Rather than measuring a distinct range of wavelengths for each fluorophore, spectral flow cytometry uses various technical approaches to full spectrum detection. While some instruments feature detection systems similar to those found in conventional flow cytometers, others incorporate gratings or prisms (instead of mirrors and filters) for light separation. Importantly, the separated light passes through a specialized (collimating) lens, which directs it linearly across a detector array. By recording the complete emission spectrum of every fluorophore, spectral flow cytometry allows the use of fluorophores with similar emission maxima but different off-peak emissions to be combined in the same panel. The most advanced spectral flow cytometers can readily detect 50+ parameters simultaneously, using a process known as spectral unmixing to identify each fluorophore by its unique spectral signature.
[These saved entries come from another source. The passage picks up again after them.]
(* In the setting of the context, the multiplication maps $A\otimes_kB\to C$, $a\otimes b\mapsto ab$, and $B\otimes_kA\to C$, $b\otimes a\mapsto ba$, are linear isomorphisms.
   Context: $k$ is a field; $C_R(S)=\{r\in R:rs=sr\ \forall s\in S\}$. $N\subseteq M$ is a strongly separable, irreducible extension of $k$-algebras: $C_M(N)=k1$ and there are an $N$-bimodule map $E:M\to N$ and $x_1,\dots,x_n,y_1,\dots,y_n\in M$ with $\sum_iE(mx_i)y_i=m=\sum_ix_iE(y_im)$ for all $m\in M$, $E(1)\neq0$, $\sum_ix_iy_i\neq0$; normalized so that $E(1)=1$, whence $\sum_ix_iy_i=\lambda^{-1}1$ with $0\neq\lambda\in k$. Basic construction: given $S\subseteq R$, an $S$-bimodule map $E_S:R\to S$ with $E_S(1)=1$ and $r_i,s_i\in R$ with $\sum_iE_S(rr_i)s_i=r=\sum_ir_iE_S(s_ir)$ and $\sum_ir_is_i=\lambda^{-1}1$, set $R_1=R\otimes_SR$ with product $(a\otimes b)(c\otimes d)=aE_S(bc)\otimes d$, unit $\sum_ir_i\otimes s_i$, $R\subseteq R_1$ via $r\mapsto\sum_irr_i\otimes s_i$, $e=1\otimes1$, $E_R:R_1\to R$, $a\otimes b\mapsto\lambda ab$; then $E_R$, $\lambda^{-1}r_i\otimes1$, $1\otimes s_i$ satisfy the same conditions with the same $\lambda$. From $(N\subseteq M,E)$ get $M_1,e_1,E_M$; from $(M\subseteq M_1,E_M)$ get $M_2,e_2,E_{M_1}$. Let $A=C_{M_1}(N)$, $B=C_{M_2}(M)$, $C=C_{M_2}(N)$ (so $A,B\subseteq C$). Depth 2 is assumed: $M_1$ is free as right $M$-module with basis in $A$, $M_2$ free as right $M_1$-module with basis in $B$. *)

From HB Require Import structures.
From mathcomp Require Import all_boot all_order all_algebra.
Set Implicit Arguments. Unset Strict Implicit. Unset Printing Implicit Defensive.
Import GRing.Theory.
Local Open Scope ring_scope.

Definition klinear (k : fieldType) (U V : lmodType k) (f : U -> V) : Prop :=
  forall (c : k) (u v : U), f (c *: u + v) = c *: f u + f v.

Definition kbilinear_on (k : fieldType) (V W T : lmodType k)
    (P : V -> Prop) (Q : W -> Prop) (t : V -> W -> T) : Prop :=
  (forall (c : k) a a' b, P a -> P a' -> Q b ->
      t (c *: a + a') b = c *: t a b + t a' b) /\
  (forall (c : k) a b b', P a -> Q b -> Q b' ->
      t a (c *: b + b') = c *: t a b + t a b').

Definition is_tensor_on (k : fieldType) (V W T : lmodType k)
    (P : V -> Prop) (Q : W -> Prop) (t : V -> W -> T) : Prop :=
  kbilinear_on P Q t /\
  (forall (U : lmodType k) (f : V -> W -> U), kbilinear_on P Q f ->
     exists g : T -> U, klinear g /\
       forall a b, P a -> Q b -> g (t a b) = f a b) /\
  (forall (U : lmodType k) (g1 g2 : T -> U), klinear g1 -> klinear g2 ->
     (forall a b, P a -> Q b -> g1 (t a b) = g2 (t a b)) ->
     forall z, g1 z = g2 z).

Definition balanced_over (k : fieldType) (V : lalgType k) (U : lmodType k)
    (S : V -> Prop) (f : V -> V -> U) : Prop :=
  forall s a b, S s -> f (a * s) b = f a (s * b).

Definition is_balanced_tensor (k : fieldType) (V : lalgType k) (T : lmodType k)
    (S : V -> Prop) (t : V -> V -> T) : Prop :=
  kbilinear_on (fun _ => True) (fun _ => True) t /\ balanced_over S t /\
  (forall (U : lmodType k) (f : V -> V -> U),
     kbilinear_on (fun _ => True) (fun _ => True) f -> balanced_over S f ->
     exists g : T -> U, klinear g /\ forall a b, g (t a b) = f a b) /\
  (forall (U : lmodType k) (g1 g2 : T -> U), klinear g1 -> klinear g2 ->
     (forall a b, g1 (t a b) = g2 (t a b)) -> forall z, g1 z = g2 z).

(* Inclusion R -> R_1 = R (x)_S R of the basic construction:
   r |-> sum_i r r_i (x) s_i. *)
Definition bc_incl (k : fieldType) (V : lalgType k) (W : lmodType k) (n : nat)
    (t : V -> V -> W) (r s : 'I_n -> V) (v : V) : W :=
  \sum_(i < n) t (v * r i) (s i).

Definition centralizer (V : pzRingType) (S : V -> Prop) (v : V) : Prop :=
  forall s, S s -> v * s = s * v.

(* R_1 is free as a right R-module (R acting through phi : R -> R_1)
   with basis b (indexed by an arbitrary type I). *)
Definition free_right_basis (R V : pzRingType) (phi : R -> V) (I : eqType)
    (b : I -> V) : Prop :=
  (forall u : V, exists (s : seq I) (c : I -> R),
      u = \sum_(i <- s) b i * phi (c i)) /\
  (forall (s : seq I) (c : I -> R), uniq s ->
      \sum_(i <- s) b i * phi (c i) = 0 -> forall i, i \in s -> c i = 0).

From HB Require Import structures.
From mathcomp Require Import all_boot all_order all_algebra.
Import GRing.Theory.
Local Open Scope ring_scope.
Set Implicit Arguments. Unset Strict Implicit. Unset Printing Implicit Defensive.

(* The basic construction of a strongly separable extension S ⊆ R with dual
   bases (r_i, s_i) is again strongly separable, with dual bases
   (λ⁻¹ r_i ⊗ 1, 1 ⊗ s_i), and irreducibility lifts: C_{R_1}(R) = k.
   Applying this twice, the expectation E_{M_1} : M_2 → M_1 maps
   B = C_{M_2}(M) into C_{M_1}(M) = k.  Expanding the dual basis of M_2 over
   M_1 in the depth-2 basis b_i ∈ B gives w = Σ_i b_i E_{M_1}(D_i w) with
   D_i ∈ B, where freeness of the b_i forces D_i to commute with M.  For
   w ∈ C the coefficients E_{M_1}(D_i w) lie in A, so
   w ↦ Σ_i b_i ⊗ E_{M_1}(D_i w) inverts multiplication B ⊗ A → C; the
   mirrored expansion w = Σ_i E_{M_1}(w b_i) D_i handles A ⊗ B → C. *)

Section LinearOn.
Variable k : fieldType.

Definition subspace (U : lmodType k) (P : U -> Prop) :=
  P 0 /\ forall (c : k) u v, P u -> P v -> P (c *: u + v).

Definition linear_on (U V : lmodType k) (P : U -> Prop) (f : U -> V) :=
  forall (c : k) u v, P u -> P v -> f (c *: u + v) = c *: f u + f v.

Lemma subspace_sum (U : lmodType k) (P : U -> Prop) (I : Type) (s : seq I)
    (F : I -> U) :
  subspace P -> (forall i, P (F i)) -> P (\sum_(i <- s) F i).
Proof.
move=> [P0 Plin] PF; apply: big_ind => // u v Pu Pv.
by rewrite -[u]scale1r; apply: Plin.
Qed.

Section LinearOnSubspace.
Variables (U V : lmodType k) (P : U -> Prop) (f : U -> V).
Hypotheses (hP : subspace P) (hf : linear_on P f).

Lemma linear_on0 : f 0 = 0.
Proof.
have P0 := hP.1; have := hf 1 P0 P0; rewrite !scale1r !addr0 => f00.
by apply: (addrI (f 0)); rewrite addr0 -f00.
Qed.

Lemma linear_onD u v : P u -> P v -> f (u + v) = f u + f v.
Proof. by move=> Pu Pv; have := hf 1 Pu Pv; rewrite !scale1r. Qed.

Lemma linear_onZ (c : k) u : P u -> f (c *: u) = c *: f u.
Proof.
by move=> Pu; rewrite -[c *: u]addr0 hf ?linear_on0 ?addr0 //; case: hP.
Qed.

Lemma linear_on_sum (I : Type) (s : seq I) (F : I -> U) :
  (forall i, P (F i)) -> f (\sum_(i <- s) F i) = \sum_(i <- s) f (F i).
Proof.
move=> PF; elim: s => [|a s IH]; first by rewrite !big_nil linear_on0.
by rewrite !big_cons linear_onD ?IH //; apply: subspace_sum.
Qed.

End LinearOnSubspace.

Section KLinear.
Variables (U V : lmodType k) (f : U -> V).
Hypothesis hf : klinear f.

Lemma klinearD u v : f (u + v) = f u + f v.
Proof. exact: (GRing.semilinear_linear (hf : linear f)).2. Qed.

Lemma klinearB u v : f (u - v) = f u - f v.
Proof. exact: (zmod_morphism_linear (hf : linear f)). Qed.

Lemma klinear0 : f 0 = 0.
Proof. by rewrite -(subrr 0) klinearB subrr. Qed.

Lemma klinearZ (c : k) u : f (c *: u) = c *: f u.
Proof. exact: (scalable_linear (hf : linear f)). Qed.

Lemma klinear_sum (I : Type) (s : seq I) (F : I -> U) :
  f (\sum_(i <- s) F i) = \sum_(i <- s) f (F i).
Proof. exact: (big_morph f klinearD klinear0). Qed.

End KLinear.

Lemma klinear_comp (U V W : lmodType k) (f : U -> V) (g : V -> W) :
  klinear f -> klinear g -> klinear (fun u => g (f u)).
Proof. by move=> hf hg c u v; rewrite hf hg. Qed.

Lemma klinear_mull (V : algType k) (a : V) : klinear (fun v : V => a * v).
Proof. by move=> c u v; rewrite mulrDr scalerAr. Qed.

Lemma klinear_mulr (V : algType k) (a : V) : klinear (fun v : V => v * a).
Proof. by move=> c u v; rewrite mulrDl scalerAl. Qed.

Lemma klinear_sumf (U V : lmodType k) (I : Type) (s : seq I) (f : I -> U -> V) :
  (forall i, klinear (f i)) -> klinear (fun u => \sum_(i <- s) f i u).
Proof.
move=> hf c u v; rewrite scaler_sumr -big_split /=.
by apply: eq_bigr => i _; rewrite hf.
Qed.

End LinearOn.

Section Centralizer.
Variables (k : fieldType) (V : algType k).
Implicit Types (S : V -> Prop) (u v : V).

Lemma centralizer_subspace S : subspace (centralizer S).
Proof.
split=> [s _|c u v cu cv s Ss]; first by rewrite mul0r mulr0.
by rewrite mulrDl mulrDr -scalerAl -scalerAr cu // cv.
Qed.

Lemma centralizerM S u v :
  centralizer S u -> centralizer S v -> centralizer S (u * v).
Proof. by move=> cu cv s Ss; rewrite -mulrA cv // mulrA cu // mulrA. Qed.

Lemma centralizer_scalar S (c : k) : centralizer S c%:A.
Proof. by move=> s _; rewrite mulr_algl mulr_algr. Qed.

Lemma centralizerS S S' v :
  (forall s, S' s -> S s) -> centralizer S v -> centralizer S' v.
Proof. by move=> sS'S cv s /sS'S; apply: cv. Qed.

End Centralizer.

Section TensorOn.
Variables (k : fieldType) (U V T : lmodType k).
Variables (P : U -> Prop) (Q : V -> Prop) (t : U -> V -> T).

Lemma kbilinear_on_linl q :
  kbilinear_on P Q t -> Q q -> linear_on P (fun p => t p q).
Proof. by move=> [tl _] Qq c p p' Pp Pp'; apply: tl. Qed.

Lemma kbilinear_on_linr p : kbilinear_on P Q t -> P p -> linear_on Q (t p).
Proof. by move=> [_ tr] Pp c q q' Qq Qq'; apply: tr. Qed.

Lemma tensor_on_centralizer (W : algType k) (S : W -> Prop) (g : T -> W) :
  is_tensor_on P Q t -> klinear g ->
  (forall p q, P p -> Q q -> centralizer S (g (t p q))) ->
  forall z, centralizer S (g z).
Proof.
move=> [_ [_ tuniq]] glin gPQ z s Ss.
apply: (tuniq W (fun z => g z * s) (fun z => s * g z)) => [||p q Pp Qq].
- exact: klinear_comp glin (klinear_mulr s).
- exact: klinear_comp glin (klinear_mull s).
exact: gPQ.
Qed.

Lemma tensor_on_bijection (W : lmodType k) (R : W -> Prop) (g : T -> W)
    (h : W -> T) :
  is_tensor_on P Q t -> klinear g -> (forall z, R (g z)) -> linear_on R h ->
  (forall p q, P p -> Q q -> h (g (t p q)) = t p q) ->
  (forall w, R w -> g (h w) = w) ->
  injective g /\ (forall w, R w <-> exists z, g z = w).
Proof.
move=> [_ [_ tuniq]] glin gR hlin hg gh.
have hgK : cancel g h.
  apply: (tuniq T (fun z => h (g z)) id) => // c z z'.
  by rewrite glin hlin.
split=> [|w]; first exact: can_inj hgK.
by split=> [Rw | [z <-]]; [exists (h w); apply: gh | apply: gR].
Qed.

End TensorOn.

Section BalancedTensor.
Variables (k : fieldType) (R : algType k) (U : lmodType k).
Variables (S : R -> Prop) (t : R -> R -> U).
Hypothesis ht : is_balanced_tensor S t.

Lemma balanced_tensor_linl b : klinear (fun a => t a b).
Proof. by case: ht => [[tl _] _] c a a'; apply: tl. Qed.

Lemma balanced_tensor_linr a : klinear (t a).
Proof. by case: ht => [[_ tr] _] c b b'; apply: tr. Qed.

Lemma balanced_tensor_bal s a b : S s -> t (a * s) b = t a (s * b).
Proof. by case: ht => [_ [tbal _]]; apply: tbal. Qed.

Lemma balanced_tensor_ext (W : lmodType k) (g1 g2 : U -> W) :
  klinear g1 -> klinear g2 -> (forall a b, g1 (t a b) = g2 (t a b)) -> g1 =1 g2.
Proof. by case: ht => [_ [_ [_ tuniq]]]; apply: tuniq. Qed.

Lemma balanced_tensor_mul :
  exists mu : U -> R, klinear mu /\ forall a b, mu (t a b) = a * b.
Proof.
case: ht => [_ [_ [tfac _]]]; apply: tfac => [|s a b _]; last by rewrite mulrA.
by split=> c a a' b _ _ _; rewrite ?mulrDl ?mulrDr -?scalerAl -?scalerAr.
Qed.

End BalancedTensor.

Section BasicConstruction.
Variables (k : fieldType) (R : algType k) (S : R -> Prop) (ES : R -> R).
Variables (n : nat) (r s : 'I_n -> R) (lam : k).
Hypotheses (lam_neq0 : lam != 0) (ES_in : forall m, S (ES m))
  (dual1 : forall m, \sum_(i < n) ES (m * r i) * s i = m)
  (dual2 : forall m, \sum_(i < n) r i * ES (s i * m) = m).
Variables (R1 : algType k) (t : R -> R -> R1).
Hypotheses (ht : is_balanced_tensor S t)
  (tM : forall a b c d, t a b * t c d = t (a * ES (b * c)) d)
  (t1 : 1 = \sum_(i < n) t (r i) (s i)).
Variable ER : R1 -> R.
Hypotheses (ER_lin : klinear ER)
  (ER_t : forall a b, ER (t a b) = lam *: (a * b)).

Local Notation incl := (bc_incl t r s).
Local Notation t_bal := (balanced_tensor_bal ht _ _ (ES_in _)).

Lemma bc_incl_mul_tensor a c d : incl a * t c d = t (a * c) d.
Proof.
rewrite /bc_incl mulr_suml; under eq_bigr do rewrite tM -mulrA.
by rewrite -(klinear_sum (balanced_tensor_linl ht d)) -mulr_sumr dual2.
Qed.

Lemma bc_tensor_mul_incl a b c : t a b * incl c = t a (b * c).
Proof.
rewrite /bc_incl mulr_sumr; under eq_bigr do rewrite tM t_bal mulrA.
by rewrite -(klinear_sum (balanced_tensor_linr ht a)) dual1.
Qed.

Lemma bc_inclM a b : incl (a * b) = incl a * incl b.
Proof.
rewrite [incl b]/bc_incl mulr_sumr /bc_incl.
by apply: eq_bigr => i _; rewrite bc_incl_mul_tensor mulrA.
Qed.

Lemma bc_incl1 : incl 1 = 1.
Proof. by rewrite t1 /bc_incl; under eq_bigr do rewrite mul1r. Qed.

Lemma bc_incl_lin : klinear incl.
Proof.
apply: klinear_sumf => i c u v.
by rewrite mulrDl -scalerAl (balanced_tensor_linl ht).
Qed.

Lemma bc_dual1 v :
  \sum_(i < n) (lam^-1 *: t (r i) 1) * incl (ER (t 1 (s i) * v)) = v.
Proof.
move: v; apply: (balanced_tensor_ext ht) => // [|a b].
  apply: klinear_sumf => i; apply: klinear_comp (klinear_mull _).
  exact: klinear_comp (klinear_comp (klinear_mull _) ER_lin) bc_incl_lin.
under eq_bigr do rewrite tM ER_t (klinearZ bc_incl_lin) -scalerAl -scalerAr
  bc_tensor_mul_incl scalerA (mulVf lam_neq0) scale1r !mul1r -t_bal.
by rewrite -(klinear_sum (balanced_tensor_linl ht b)) dual2.
Qed.

Lemma bc_dual2 v :
  \sum_(i < n) incl (ER (v * (lam^-1 *: t (r i) 1))) * t 1 (s i) = v.
Proof.
move: v; apply: (balanced_tensor_ext ht) => // [|a b].
  apply: klinear_sumf => i; apply: klinear_comp (klinear_mulr _).
  exact: klinear_comp (klinear_comp (klinear_mulr _) ER_lin) bc_incl_lin.
under eq_bigr do rewrite -scalerAr tM (klinearZ ER_lin) ER_t scalerA
  (mulVf lam_neq0) scale1r mulr1 bc_incl_mul_tensor mulr1 t_bal.
by rewrite -(klinear_sum (balanced_tensor_linr ht a)) dual1.
Qed.

Lemma bc_ER_incl_mull u w : ER (incl u * w) = u * ER w.
Proof.
move: w; apply: (balanced_tensor_ext ht) => [||a b].
- exact: klinear_comp (klinear_mull _) ER_lin.
- exact: klinear_comp ER_lin (klinear_mull _).
by rewrite bc_incl_mul_tensor !ER_t -scalerAr mulrA.
Qed.

Lemma bc_ER_incl_mulr u w : ER (w * incl u) = ER w * u.
Proof.
move: w; apply: (balanced_tensor_ext ht) => [||a b].
- exact: klinear_comp (klinear_mulr _) ER_lin.
- exact: klinear_comp ER_lin (klinear_mulr _).
by rewrite bc_tensor_mul_incl !ER_t -scalerAl mulrA.
Qed.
Imaging flow cytometry not only measures marker expression but also provides an image of each cell. This means it can reveal morphological insights, such as where in the cell a particular protein is expressed, whether that expression is uniform or punctuate, and if protein localization changes over time or in response to a particular treatment. Importantly, imaging flow cytometry brings the power of statistics to microscopy, a technique which has historically had only limited throughput. Applications of imaging flow cytometry include monitoring nuclear localization of DNA transcription factors, tracking the uptake of extracellular vesicles, and measuring the apoptotic index following drug treatment.